Аккуратно сложил щенят в мешок, туда же хотел сунуть осколяпок кирпича, но тот был таким ровным, почти новым. Положил осколяпок обратно, под крыльцо. Завязал мешок шнурком, который вынул из кармана.

Закинул пискнувший мешок на плечо, вразвалочку зашагал по огороду, к заднему пряслу. Ветка рванула цепь, взвыла коротко. Палкан утробно заворчал, нервно заходил по вытоптанному кругу.

Сразу за огородом, в десяти шагах, шелестит по камешнику хрустальной чистоты ручей. Это он сейчас, летом, ручей, а весной о-го-го! До самого прясла добирается, превращается в речку. Если бы не те весенние разливы, Егор бы давно уж пригородил пустующий клочок земли. А так, – пустая работа.

Подошёл к воде, – ласково глянул кругом. Заметил недалеко, зацепившийся за куст ракиты клочок целлофана.

– Ну, сволочи! Ну, как тут спокойно жизнь прожить, – не берегут природу!
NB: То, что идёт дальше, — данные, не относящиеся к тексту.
(* Let $\mathbf W\in\mathbb R^{p\times d}$ and let $\sigma_1,\ldots,\sigma_p\in C^{0,1}_{\uparrow}(\mathbb R)$. Let $L_\theta$ denote the Lipschitz constant of $\mathbf x\mapsto\mathbf W^T\boldsymbol\sigma(\mathbf W\mathbf x)$, where $(\boldsymbol\sigma(\mathbf z))_i=\sigma_i(z_i)$. With $\boldsymbol\Sigma_\infty=\mathrm{diag}(\|\sigma_1'\|_\infty,\ldots,\|\sigma_p'\|_\infty)$ it holds that $$L_\theta\le\|\mathbf W^T\boldsymbol\Sigma_\infty\mathbf W\|=\|\sqrt{\boldsymbol\Sigma_\infty}\,\mathbf W\|^2\le L_{\boldsymbol\sigma}\|\mathbf W\|^2,$$ where $L_{\boldsymbol\sigma}=\max_i\mathrm{Lip}(\sigma_i)$ is the Lipschitz constant of $\boldsymbol\sigma$ and $\|\cdot\|$ is the spectral norm.
   Context: $C^{0,1}_{\uparrow}(\mathbb R)$ denotes the set of Lipschitz-continuous increasing functions $\mathbb R\to\mathbb R$; for such $\sigma_i$, $\|\sigma_i'\|_\infty$ is the essential supremum of its derivative, i.e. its Lipschitz constant. *)

From HB Require Import structures.
From mathcomp Require Import all_boot all_order all_algebra.
From mathcomp Require Import all_classical all_reals.
Set Implicit Arguments. Unset Strict Implicit. Unset Printing Implicit Defensive.
Import Order.TTheory GRing.Theory Num.Theory.
Local Open Scope ring_scope.
Local Open Scope classical_set_scope.

Section Defs.
Variable R : realType.

Definition vnorm n (x : 'cV[R]_n) : R := Num.sqrt (\sum_i (x i 0) ^+ 2).

Definition specnorm m n (A : 'M[R]_(m, n)) : R :=
  sup [set vnorm (A *m x) | x in [set x : 'cV[R]_n | vnorm x <= 1]].

Definition lipschitz_bound m n (f : 'cV[R]_n -> 'cV[R]_m) (L : R) : Prop :=
  0 <= L /\ forall x y, vnorm (f x - f y) <= L * vnorm (x - y).
Definition lipconst m n (f : 'cV[R]_n -> 'cV[R]_m) : R :=
  inf [set L | lipschitz_bound f L].

Definition lipschitz_bound1 (f : R -> R) (L : R) : Prop :=
  0 <= L /\ forall x y, `|f x - f y| <= L * `|x - y|.
Definition lipconst1 (f : R -> R) : R := inf [set L | lipschitz_bound1 f L].

Definition lip_incr (f : R -> R) : Prop :=
  (exists L, lipschitz_bound1 f L) /\ {homo f : x y / x <= y}.

Definition sigmav p (sigma : 'I_p -> R -> R) (z : 'cV[R]_p) : 'cV[R]_p :=
  \col_i sigma i (z i 0).

(* Sigma_infty = diag(||sigma_i'||_infty) = diag(Lip(sigma_i)) *)
Definition Sigma_inf p (sigma : 'I_p -> R -> R) : 'M[R]_p :=
  diag_mx (\row_i lipconst1 (sigma i)).
Definition sqrt_Sigma_inf p (sigma : 'I_p -> R -> R) : 'M[R]_p :=
  diag_mx (\row_i Num.sqrt (lipconst1 (sigma i))).

Definition Lsigma p (sigma : 'I_p -> R -> R) : R :=
  \big[Num.max/0]_(i < p) lipconst1 (sigma i).
End Defs.

From HB Require Import structures.
From mathcomp Require Import all_boot all_order all_algebra.
From mathcomp Require Import all_classical all_reals.
From mathcomp Require Import ring lra.
Import Order.TTheory GRing.Theory Num.Theory.
Local Open Scope ring_scope.

Set Implicit Arguments.
Unset Strict Implicit.
Unset Printing Implicit Defensive.

(* Each sigma_i is nondecreasing and Lipschitz, so its difference quotients
   lie in [0, Lip(sigma_i)]; hence sigma(Wx) - sigma(Wy) = D W (x - y) for
   a diagonal D = diag(q) with 0 <= q_i <= Lip(sigma_i).  Writing
   M = sqrt(D) W, the difference of the outputs is M^T M (x - y), and the
   C*-identity ||M^T M|| = ||M||^2 together with
   ||sqrt(D) W|| <= ||sqrt(Sigma_inf) W|| bounds the Lipschitz constant.
   The same C*-identity applied to sqrt(Sigma_inf) W gives the middle
   equality, and sqrt(Sigma_inf) is entrywise dominated by sqrt(L_sigma) I,
   which gives the last bound. *)

Section EuclideanNorm.
Variables (R : realType) (n : nat).
Implicit Types (x y : 'cV[R]_n).

Definition dot x y : R := (x^T *m y) 0 0.

Lemma dotE x y : dot x y = \sum_i x i 0 * y i 0.
Proof. by rewrite /dot mxE; apply: eq_bigr => i _; rewrite mxE. Qed.

Lemma dot_ge0 x : 0 <= dot x x.
Proof. by rewrite dotE; apply: sumr_ge0 => i _; rewrite -expr2 sqr_ge0. Qed.

Lemma dot_eq0 x : dot x x = 0 -> x = 0.
Proof.
rewrite dotE => /eqP; rewrite psumr_eq0 => [/allP x0|i _]; last first.
  by rewrite -expr2 sqr_ge0.
apply/matrixP => i j; rewrite (ord1 j) mxE.
by have /= := x0 i (mem_index_enum _); rewrite mulf_eq0 orbb => /eqP.
Qed.

Lemma dotx0 x : dot x 0 = 0.
Proof. by rewrite /dot mulmx0 mxE. Qed.

Lemma dot_lincomb a b x y :
  dot (a *: x + b *: y) (a *: x + b *: y)
  = a ^+ 2 * dot x x + 2 * a * b * dot x y + b ^+ 2 * dot y y.
Proof.
rewrite !dotE !mulr_sumr -!big_split /=; apply: eq_bigr => i _.
by rewrite !mxE; ring.
Qed.

Lemma vnorm_sqr x : vnorm x ^+ 2 = dot x x.
Proof.
rewrite /vnorm sqr_sqrtr ?dotE; last by apply: sumr_ge0 => i _; rewrite sqr_ge0.
by under eq_bigr do rewrite expr2.
Qed.

Lemma vnormE x : vnorm x = Num.sqrt (dot x x).
Proof. by rewrite -vnorm_sqr sqrtr_sqr ger0_norm ?sqrtr_ge0. Qed.

Lemma vnorm_ge0 x : 0 <= vnorm x.
Proof. exact: sqrtr_ge0. Qed.

Lemma vnorm0 : vnorm (0 : 'cV[R]_n) = 0.
Proof. by rewrite vnormE dotE big1 ?sqrtr0 // => i _; rewrite mxE mul0r. Qed.

Lemma vnorm_eq0 x : vnorm x = 0 -> x = 0.
Proof. by move=> x0; apply: dot_eq0; rewrite -vnorm_sqr x0 expr0n. Qed.

Lemma dotZ a x : dot (a *: x) (a *: x) = a ^+ 2 * dot x x.
Proof. by rewrite !dotE mulr_sumr; apply: eq_bigr => i _; rewrite !mxE; ring. Qed.

Lemma vnormZ a x : vnorm (a *: x) = `|a| * vnorm x.
Proof. by rewrite !vnormE dotZ sqrtrM ?sqr_ge0 // sqrtr_sqr. Qed.

Lemma CauchySchwarz_dot x y : dot x y ^+ 2 <= dot x x * dot y y.
Proof.
have [y0|y_neq0] := eqVneq (dot y y) 0.
  by rewrite y0 (dot_eq0 y0) dotx0 mulr0 expr0n.
have y_gt0 : 0 < dot y y by rewrite lt_def y_neq0 dot_ge0.
(* |<y,y> x - <x,y> y|^2 = <y,y> (<x,x> <y,y> - <x,y>^2) *)
have := dot_ge0 (dot y y *: x + (- dot x y) *: y).
rewrite dot_lincomb; nra.
Qed.

Lemma dot_le_vnorm x y : dot x y <= vnorm x * vnorm y.
Proof.
have nn : 0 <= vnorm x * vnorm y by rewrite mulr_ge0 ?vnorm_ge0.
have [xy_le0|xy_gt0] := lerP (dot x y) 0; first exact: le_trans xy_le0 nn.
rewrite -(ler_sqr (ltW xy_gt0) nn) ?nnegrE ?(ltW xy_gt0) // exprMn !vnorm_sqr.
exact: CauchySchwarz_dot.
Qed.

End EuclideanNorm.

Section SpectralNorm.
Variable R : realType.
Local Open Scope classical_set_scope.

Lemma dot_mulmx m n (A : 'M[R]_(m, n)) (x : 'cV_n) y : dot (A *m x) y = dot x (A^T *m y).
Proof. by rewrite /dot trmx_mul mulmxA. Qed.

Lemma vnorm_mulmx_bounded m n (A : 'M[R]_(m, n)) :
  exists2 c, 0 <= c & forall x, vnorm (A *m x) <= c * vnorm x.
Proof.
pose rowA i : 'cV[R]_n := (row i A)^T.
have rowAE i x : (A *m x) i 0 = dot (rowA i) x.
  by rewrite mxE dotE; apply: eq_bigr => j _; rewrite !mxE.
have rows_ge0 : 0 <= \sum_i dot (rowA i) (rowA i).
  by apply: sumr_ge0 => i _; apply: dot_ge0.
exists (Num.sqrt (\sum_i dot (rowA i) (rowA i))) => [|x]; first exact: sqrtr_ge0.
rewrite !vnormE -sqrtrM // ler_sqrt ?mulr_ge0 ?dot_ge0 // dotE mulr_suml.
by apply: ler_sum => i _; rewrite rowAE -expr2 CauchySchwarz_dot.
Qed.

Lemma specnorm_has_sup m n (A : 'M[R]_(m, n)) :
  has_sup [set vnorm (A *m x) | x in [set x | vnorm x <= 1]].
Proof.
split; first by exists (vnorm (A *m 0)), 0 => //=; rewrite vnorm0.
have [c c_ge0 Ac] := vnorm_mulmx_bounded A.
by exists c => _ [x /= x_le1 <-]; apply: le_trans (Ac x) _; rewrite ler_piMr.
Qed.

Lemma specnorm_ge0 m n (A : 'M[R]_(m, n)) : 0 <= specnorm A.
Proof.
apply: le_trans (sup_upper_bound (specnorm_has_sup A) _); first exact: vnorm_ge0 (A *m 0).
by exists 0 => //=; rewrite vnorm0.
Qed.

Lemma vnorm_mulmx_le m n (A : 'M[R]_(m, n)) (x : 'cV_n) :
  vnorm (A *m x) <= specnorm A * vnorm x.
Proof.
have [x0|x_neq0] := eqVneq (vnorm x) 0.
  by rewrite (vnorm_eq0 x0) mulmx0 !vnorm0 mulr0.
have x_gt0 : 0 < vnorm x by rewrite lt_def x_neq0 vnorm_ge0.
have x_unit : vnorm (A *m ((vnorm x)^-1 *: x)) <= specnorm A.
  apply: sup_upper_bound (specnorm_has_sup A) _ _; exists ((vnorm x)^-1 *: x) => //=.
  by rewrite vnormZ ger0_norm ?invr_ge0 ?vnorm_ge0 // mulVf.
move: x_unit; rewrite -scalemxAr vnormZ ger0_norm ?invr_ge0 ?vnorm_ge0 //.
by rewrite -ler_pdivrMr // mulrC.
Qed.

Lemma specnorm_le m n (A : 'M[R]_(m, n)) c :
  0 <= c -> (forall x, vnorm (A *m x) <= c * vnorm x) -> specnorm A <= c.
Proof.
move=> c_ge0 Ac; apply: ge_sup; first by exists (vnorm (A *m 0)), 0 => //=; rewrite vnorm0.
by move=> _ [x /= x_le1 <-]; apply: le_trans (Ac x) _; rewrite ler_piMr.
Qed.

Lemma specnormZ_le m n a (A : 'M[R]_(m, n)) : specnorm (a *: A) <= `|a| * specnorm A.
Proof.
apply: specnorm_le => [|x]; first by rewrite mulr_ge0 ?specnorm_ge0.
by rewrite -scalemxAl vnormZ -mulrA ler_wpM2l ?vnorm_mulmx_le.
Qed.

Lemma specnorm_mulmx_le m n p (A : 'M[R]_(m, n)) (B : 'M[R]_(p, m)) :
  specnorm (B *m A) <= specnorm B * specnorm A.
Proof.
apply: specnorm_le => [|x]; first by rewrite mulr_ge0 ?specnorm_ge0.
rewrite -mulmxA -mulrA; apply: le_trans (vnorm_mulmx_le _ _) _.
by rewrite ler_wpM2l ?specnorm_ge0 ?vnorm_mulmx_le.
Qed.

Lemma specnorm_trmx_le m n (A : 'M[R]_(m, n)) : specnorm A^T <= specnorm A.
Proof.
apply: specnorm_le => [|y]; first exact: specnorm_ge0.
have : vnorm (A^T *m y) ^+ 2 <= specnorm A * vnorm y * vnorm (A^T *m y).
  rewrite vnorm_sqr -dot_mulmx; apply: le_trans (dot_le_vnorm _ _) _.
  by rewrite mulrAC ler_wpM2r ?vnorm_ge0 ?vnorm_mulmx_le.
have := vnorm_ge0 (A^T *m y); have := mulr_ge0 (specnorm_ge0 A) (vnorm_ge0 y).
nra.
Qed.

Lemma specnorm_gram m n (A : 'M[R]_(m, n)) :
  specnorm (A^T *m A) = specnorm A ^+ 2.
Proof.
apply/eqP; rewrite eq_le; apply/andP; split.
  apply: le_trans (specnorm_mulmx_le _ _) _.
  by rewrite expr2 ler_wpM2r ?specnorm_ge0 ?specnorm_trmx_le.
rewrite -(sqr_sqrtr (specnorm_ge0 (A^T *m A))).
rewrite ler_sqr ?nnegrE ?specnorm_ge0 ?sqrtr_ge0 //.
apply: specnorm_le => [|x]; first exact: sqrtr_ge0.
rewrite -ler_sqr ?nnegrE ?mulr_ge0 ?sqrtr_ge0 ?vnorm_ge0 //.
rewrite exprMn (sqr_sqrtr (specnorm_ge0 _)) vnorm_sqr dot_mulmx mulmxA.
apply: le_trans (dot_le_vnorm _ _) _.
by rewrite mulrC expr2 mulrA ler_wpM2r ?vnorm_ge0 ?vnorm_mulmx_le.
Qed.

End SpectralNorm.

Section Diagonal.
Variable R : realType.

Lemma vnorm_diag_mx_le n (r s : 'rV[R]_n) (x : 'cV[R]_n) :
  (forall i, r 0 i ^+ 2 <= s 0 i ^+ 2) ->
  vnorm (diag_mx r *m x) <= vnorm (diag_mx s *m x).
Proof.
move=> rs; rewrite /vnorm ler_sqrt; last by apply: sumr_ge0 => i _; rewrite sqr_ge0.
by apply: ler_sum => i _; rewrite !mul_diag_mx !mxE !exprMn ler_wpM2r ?sqr_ge0.
Qed.

Lemma specnorm_diag_mulmx_le m n (r s : 'rV[R]_m) (A : 'M[R]_(m, n)) :
  (forall i, r 0 i ^+ 2 <= s 0 i ^+ 2) ->
  specnorm (diag_mx r *m A) <= specnorm (diag_mx s *m A).
Proof.
move=> rs; apply: specnorm_le => [|x]; first exact: specnorm_ge0.
rewrite -mulmxA; apply: le_trans (vnorm_diag_mx_le _ rs) _.
by rewrite mulmxA vnorm_mulmx_le.
Qed.

Lemma gram_diag_sqrt_mulmx m n (r : 'I_m -> R) (A : 'M[R]_(m, n)) :
  (forall i, 0 <= r i) ->
  (diag_mx (\row_i Num.sqrt (r i)) *m A)^T *m (diag_mx (\row_i Num.sqrt (r i)) *m A)
  = A^T *m diag_mx (\row_i r i) *m A.
Proof.
move=> r_ge0; rewrite trmx_mul tr_diag_mx !mulmxA -(mulmxA _ _ (diag_mx _)).
rewrite mulmx_diag; congr (_ *m diag_mx _ *m _).
apply/matrixP => i j; rewrite (ord1 i) !mxE.
by rewrite -expr2 sqr_sqrtr.
Qed.

End Diagonal.

Section Lipschitz.
Variable R : realType.

Lemma lipconst_le m n (f : 'cV[R]_n -> 'cV[R]_m) L :
  lipschitz_bound f L -> lipconst f <= L.
Proof. by move=> fL; apply: ge_inf fL; exists 0 => M []. Qed.

Variable f : R -> R.
Hypothesis f_lip : exists L, lipschitz_bound1 f L.

Lemma lipconst1_ge0 : 0 <= lipconst1 f.
Proof. by have [L fL] := f_lip; apply: lb_le_inf => [|M []]; first exists L. Qed.

Lemma lipschitz_bound1_lipconst1 : lipschitz_bound1 f (lipconst1 f).
Proof.
split=> [|a b]; first exact: lipconst1_ge0.
have [->|a_neq_b] := eqVneq a b; first by rewrite !subrr normr0 mulr0.
have ab_gt0 : 0 < `|a - b| by rewrite normr_gt0 subr_eq0.
rewrite -ler_pdivrMr //; apply: lb_le_inf; first by have [L fL] := f_lip; exists L.
by move=> L [_ fL]; rewrite ler_pdivrMr.
Qed.

Hypothesis f_incr : {homo f : x y / x <= y}.

Lemma secant_incr_lip a b :
  exists2 q, 0 <= q <= lipconst1 f & f a - f b = q * (a - b).
Proof.
wlog ba : a b / b <= a => [hwlog|].
  have [/hwlog //|/ltW /hwlog [q q_range fba]] := lerP b a.
  by exists q => //; rewrite -opprB fba -mulrN opprB.
have [->|a_neq_b] := eqVneq a b.
  by exists 0; rewrite ?lexx ?lipconst1_ge0 // !subrr mul0r.
have ab_gt0 : 0 < a - b by rewrite subr_gt0 lt_def a_neq_b ba.
exists ((f a - f b) / (a - b)); last by rewrite divfK // gt_eqF.
rewrite divr_ge0 ?subr_ge0 ?f_incr //= ler_pdivrMr //.
have [_ /(_ a b)] := lipschitz_bound1_lipconst1.
by rewrite !ger0_norm ?subr_ge0 ?f_incr.
Qed.

End Lipschitz.

Section Activation.
Variables (R : realType) (p : nat) (sigma : 'I_p -> R -> R).

Lemma Lsigma_ge0 : 0 <= Lsigma sigma.
Proof. exact: bigmax_ge_id. Qed.

Lemma lipconst1_le_Lsigma i : lipconst1 (sigma i) <= Lsigma sigma.
Proof. exact: (le_bigmax _ (fun i => lipconst1 (sigma i))). Qed.

Hypothesis sigma_incr_lip : forall i, lip_incr (sigma i).

Lemma lipconst1_sigma_ge0 i : 0 <= lipconst1 (sigma i).
Proof. by case: (sigma_incr_lip i) => /lipconst1_ge0. Qed.

Lemma sigmav_secant (a b : 'cV[R]_p) :
  exists2 q : 'I_p -> R, (forall i, 0 <= q i <= lipconst1 (sigma i))
    & sigmav sigma a - sigmav sigma b = diag_mx (\row_i q i) *m (a - b).
Proof.
have : forall i, exists q, (0 <= q <= lipconst1 (sigma i))
    /\ sigma i (a i 0) - sigma i (b i 0) = q * (a i 0 - b i 0).
  move=> i; case: (sigma_incr_lip i) => lip incr.
  by have [q ? ?] := secant_incr_lip lip incr (a i 0) (b i 0); exists q.
case/choice => q qP; exists q => [i|]; first by case: (qP i).
by apply/matrixP => i j; rewrite (ord1 j) mul_diag_mx !mxE; case: (qP i).
Qed.

Lemma Sigma_inf_gram d (W : 'M[R]_(p, d)) :
  W^T *m Sigma_inf sigma *m W
  = (sqrt_Sigma_inf sigma *m W)^T *m (sqrt_Sigma_inf sigma *m W).
Proof. by apply/esym/gram_diag_sqrt_mulmx => i; apply: lipconst1_sigma_ge0. Qed.

Lemma specnorm_sqrt_Sigma_inf_le d (W : 'M[R]_(p, d)) :
  specnorm (sqrt_Sigma_inf sigma *m W) <= Num.sqrt (Lsigma sigma) * specnorm W.
Proof.
pose c := Num.sqrt (Lsigma sigma).
apply: (@le_trans _ _ (specnorm (diag_mx (const_mx c) *m W))).
  apply: specnorm_diag_mulmx_le => i.
  rewrite !mxE !sqr_sqrtr ?Lsigma_ge0 ?lipconst1_sigma_ge0 //.
  exact: lipconst1_le_Lsigma.
rewrite diag_const_mx mul_scalar_mx; apply: le_trans (specnormZ_le _ _) _.
by rewrite ger0_norm ?sqrtr_ge0.
Qed.

Lemma lipschitz_bound_WT_sigma_W d (W : 'M[R]_(p, d)) :
  lipschitz_bound (fun x : 'cV[R]_d => W^T *m sigmav sigma (W *m x))
    (specnorm (sqrt_Sigma_inf sigma *m W) ^+ 2).
Proof.
split=> [|x y]; first exact: sqr_ge0.
have [q q_range secant] := sigmav_secant (W *m x) (W *m y).
have q_ge0 i : 0 <= q i by case/andP: (q_range i).
pose M := diag_mx (\row_i Num.sqrt (q i)) *m W.
have -> : W^T *m sigmav sigma (W *m x) - W^T *m sigmav sigma (W *m y)
          = M^T *m M *m (x - y).
  by rewrite /M gram_diag_sqrt_mulmx // -mulmxBr secant -mulmxBr !mulmxA.
have M_le : specnorm M <= specnorm (sqrt_Sigma_inf sigma *m W).
  apply: specnorm_diag_mulmx_le => i.
  rewrite !mxE !sqr_sqrtr ?lipconst1_sigma_ge0 //.
  by case/andP: (q_range i).
apply: le_trans (vnorm_mulmx_le _ _) _.
by rewrite specnorm_gram ler_wpM2r ?vnorm_ge0 // ler_sqr ?nnegrE ?specnorm_ge0.
Qed.

End Activation.

Theorem proposition5 (R : realType) (p d : nat) (W : 'M[R]_(p, d))
  (sigma : 'I_p -> R -> R) (hsigma : forall i, lip_incr (sigma i)) :
  let L_theta := lipconst (fun x : 'cV[R]_d => W^T *m sigmav sigma (W *m x)) in
  L_theta <= specnorm (W^T *m Sigma_inf sigma *m W)
  /\ specnorm (W^T *m Sigma_inf sigma *m W) = specnorm (sqrt_Sigma_inf sigma *m W) ^+ 2
  /\ specnorm (sqrt_Sigma_inf sigma *m W) ^+ 2 <= Lsigma sigma * specnorm W ^+ 2.
Proof.
move=> L_theta.
have gram : specnorm (W^T *m Sigma_inf sigma *m W)
            = specnorm (sqrt_Sigma_inf sigma *m W) ^+ 2.
  by rewrite Sigma_inf_gram // specnorm_gram.
split; last split => //.
  by rewrite gram; apply/lipconst_le/lipschitz_bound_WT_sigma_W.
have := specnorm_sqrt_Sigma_inf_le hsigma W.
rewrite -ler_sqr ?nnegrE ?mulr_ge0 ?sqrtr_ge0 ?specnorm_ge0 //.
by rewrite exprMn sqr_sqrtr ?Lsigma_ge0.
Qed.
Чисто вандалы!

Смачно хрюкнув носом, Егор харкнул почти на середину ручья, зашёл на мелководье. Под противоположным берегом, под нависшим таловым кустом ещё с весны, тем, сильным течением, была вымыта ямка. Течение там будто тормозилось, закручивалось в обратную сторону, кружило.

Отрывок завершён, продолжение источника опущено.